In the records below, begin at the line that has "have strict : 2" and stop after the line that has "have /card_gt1P [X0"; quote those lines verbatim and nothing more.

[Data to process — start]

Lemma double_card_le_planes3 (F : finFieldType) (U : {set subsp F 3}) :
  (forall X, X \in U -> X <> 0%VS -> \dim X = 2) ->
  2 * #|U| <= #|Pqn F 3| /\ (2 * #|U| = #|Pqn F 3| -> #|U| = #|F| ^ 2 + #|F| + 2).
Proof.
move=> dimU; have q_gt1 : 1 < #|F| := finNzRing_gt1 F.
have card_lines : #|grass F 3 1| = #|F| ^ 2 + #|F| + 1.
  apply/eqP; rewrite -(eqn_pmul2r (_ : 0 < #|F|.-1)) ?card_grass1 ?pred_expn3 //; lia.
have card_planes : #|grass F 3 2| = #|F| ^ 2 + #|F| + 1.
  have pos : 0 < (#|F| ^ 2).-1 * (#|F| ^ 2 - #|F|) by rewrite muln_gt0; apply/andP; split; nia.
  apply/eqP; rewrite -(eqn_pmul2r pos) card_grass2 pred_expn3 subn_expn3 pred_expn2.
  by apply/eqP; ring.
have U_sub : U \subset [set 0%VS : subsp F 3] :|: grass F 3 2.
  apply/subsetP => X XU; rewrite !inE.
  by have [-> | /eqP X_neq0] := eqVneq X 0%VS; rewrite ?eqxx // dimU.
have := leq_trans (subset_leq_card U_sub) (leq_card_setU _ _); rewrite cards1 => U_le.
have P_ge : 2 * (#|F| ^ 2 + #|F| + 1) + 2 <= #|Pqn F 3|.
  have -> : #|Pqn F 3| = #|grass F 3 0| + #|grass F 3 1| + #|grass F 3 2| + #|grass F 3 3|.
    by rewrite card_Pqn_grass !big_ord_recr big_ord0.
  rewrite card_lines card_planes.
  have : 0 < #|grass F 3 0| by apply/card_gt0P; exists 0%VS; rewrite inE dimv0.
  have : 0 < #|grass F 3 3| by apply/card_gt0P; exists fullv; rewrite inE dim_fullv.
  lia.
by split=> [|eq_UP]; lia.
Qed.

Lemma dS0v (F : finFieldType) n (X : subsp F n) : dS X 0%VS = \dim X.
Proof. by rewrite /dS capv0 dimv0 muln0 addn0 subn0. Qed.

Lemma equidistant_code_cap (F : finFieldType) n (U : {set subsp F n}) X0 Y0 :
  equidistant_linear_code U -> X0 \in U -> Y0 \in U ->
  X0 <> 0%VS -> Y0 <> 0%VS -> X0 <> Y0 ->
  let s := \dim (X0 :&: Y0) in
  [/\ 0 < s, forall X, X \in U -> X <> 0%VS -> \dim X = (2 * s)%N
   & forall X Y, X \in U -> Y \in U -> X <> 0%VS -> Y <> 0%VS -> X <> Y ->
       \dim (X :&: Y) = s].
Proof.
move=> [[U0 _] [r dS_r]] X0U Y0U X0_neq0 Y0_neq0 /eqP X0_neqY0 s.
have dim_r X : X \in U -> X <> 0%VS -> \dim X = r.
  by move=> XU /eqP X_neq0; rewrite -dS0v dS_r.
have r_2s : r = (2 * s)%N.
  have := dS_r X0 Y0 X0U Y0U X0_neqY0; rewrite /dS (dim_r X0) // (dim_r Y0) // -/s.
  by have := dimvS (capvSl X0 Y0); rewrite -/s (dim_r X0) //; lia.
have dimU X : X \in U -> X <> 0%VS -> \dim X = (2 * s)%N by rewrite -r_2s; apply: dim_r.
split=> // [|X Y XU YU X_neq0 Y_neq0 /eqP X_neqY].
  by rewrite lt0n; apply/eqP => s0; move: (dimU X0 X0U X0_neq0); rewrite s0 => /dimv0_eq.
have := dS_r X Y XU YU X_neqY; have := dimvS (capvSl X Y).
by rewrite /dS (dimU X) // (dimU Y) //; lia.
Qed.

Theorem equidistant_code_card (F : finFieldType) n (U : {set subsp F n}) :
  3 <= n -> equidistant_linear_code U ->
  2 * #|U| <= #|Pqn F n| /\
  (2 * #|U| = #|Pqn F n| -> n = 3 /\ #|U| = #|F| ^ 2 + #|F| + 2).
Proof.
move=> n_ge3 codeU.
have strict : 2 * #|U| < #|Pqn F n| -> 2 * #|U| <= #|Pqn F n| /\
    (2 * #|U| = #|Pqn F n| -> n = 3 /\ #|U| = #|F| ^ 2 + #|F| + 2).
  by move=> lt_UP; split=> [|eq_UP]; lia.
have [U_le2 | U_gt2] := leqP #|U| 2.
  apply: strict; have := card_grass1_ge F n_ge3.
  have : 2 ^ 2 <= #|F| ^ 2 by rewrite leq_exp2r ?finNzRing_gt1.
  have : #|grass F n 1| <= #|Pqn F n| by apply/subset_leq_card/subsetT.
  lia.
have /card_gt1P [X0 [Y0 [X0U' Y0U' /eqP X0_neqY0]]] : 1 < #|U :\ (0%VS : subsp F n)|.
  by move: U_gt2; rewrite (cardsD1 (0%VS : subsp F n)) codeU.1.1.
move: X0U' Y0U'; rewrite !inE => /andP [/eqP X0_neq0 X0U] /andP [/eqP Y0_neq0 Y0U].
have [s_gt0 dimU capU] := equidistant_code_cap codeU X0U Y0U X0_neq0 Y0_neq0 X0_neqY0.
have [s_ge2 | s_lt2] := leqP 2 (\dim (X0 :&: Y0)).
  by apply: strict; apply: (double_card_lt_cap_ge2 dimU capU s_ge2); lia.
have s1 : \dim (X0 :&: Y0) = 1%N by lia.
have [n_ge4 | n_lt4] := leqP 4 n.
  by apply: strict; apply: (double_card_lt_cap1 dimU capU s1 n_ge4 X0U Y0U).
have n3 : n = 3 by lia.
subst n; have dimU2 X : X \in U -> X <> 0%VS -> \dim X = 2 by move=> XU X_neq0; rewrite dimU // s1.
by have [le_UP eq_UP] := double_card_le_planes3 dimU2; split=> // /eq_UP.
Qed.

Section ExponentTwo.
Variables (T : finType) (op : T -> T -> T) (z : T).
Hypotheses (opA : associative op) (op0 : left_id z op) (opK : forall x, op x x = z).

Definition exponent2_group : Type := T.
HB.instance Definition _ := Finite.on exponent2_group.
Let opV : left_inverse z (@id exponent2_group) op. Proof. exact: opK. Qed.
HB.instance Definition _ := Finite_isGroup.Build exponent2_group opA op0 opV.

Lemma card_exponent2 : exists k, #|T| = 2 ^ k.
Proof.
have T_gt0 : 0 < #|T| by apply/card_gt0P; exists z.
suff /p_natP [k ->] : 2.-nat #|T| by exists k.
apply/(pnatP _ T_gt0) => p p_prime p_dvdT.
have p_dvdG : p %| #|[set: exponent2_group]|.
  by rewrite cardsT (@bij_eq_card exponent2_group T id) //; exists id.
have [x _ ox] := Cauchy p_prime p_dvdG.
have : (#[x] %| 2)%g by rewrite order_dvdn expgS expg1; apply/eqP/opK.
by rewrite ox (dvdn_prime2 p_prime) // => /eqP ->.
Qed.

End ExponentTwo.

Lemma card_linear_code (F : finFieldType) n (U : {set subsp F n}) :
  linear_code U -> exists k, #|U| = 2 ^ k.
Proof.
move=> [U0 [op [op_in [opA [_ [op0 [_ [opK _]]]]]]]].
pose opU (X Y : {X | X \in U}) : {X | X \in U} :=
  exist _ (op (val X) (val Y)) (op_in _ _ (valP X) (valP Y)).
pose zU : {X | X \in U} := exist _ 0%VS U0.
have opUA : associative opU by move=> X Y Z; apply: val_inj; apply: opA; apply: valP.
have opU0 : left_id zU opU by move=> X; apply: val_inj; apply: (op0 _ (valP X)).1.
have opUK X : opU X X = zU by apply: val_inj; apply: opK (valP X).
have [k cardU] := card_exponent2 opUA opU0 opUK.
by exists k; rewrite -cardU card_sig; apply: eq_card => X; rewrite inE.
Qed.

[Data to process — finish]

## Solution for this exercise
have strict : 2 * #|U| < #|Pqn F n| -> 2 * #|U| <= #|Pqn F n| /\
    (2 * #|U| = #|Pqn F n| -> n = 3 /\ #|U| = #|F| ^ 2 + #|F| + 2).
  by move=> lt_UP; split=> [|eq_UP]; lia.
have [U_le2 | U_gt2] := leqP #|U| 2.
  apply: strict; have := card_grass1_ge F n_ge3.
  have : 2 ^ 2 <= #|F| ^ 2 by rewrite leq_exp2r ?finNzRing_gt1.
  have : #|grass F n 1| <= #|Pqn F n| by apply/subset_leq_card/subsetT.
  lia.
have /card_gt1P [X0 [Y0 [X0U' Y0U' /eqP X0_neqY0]]] : 1 < #|U :\ (0%VS : subsp F n)|.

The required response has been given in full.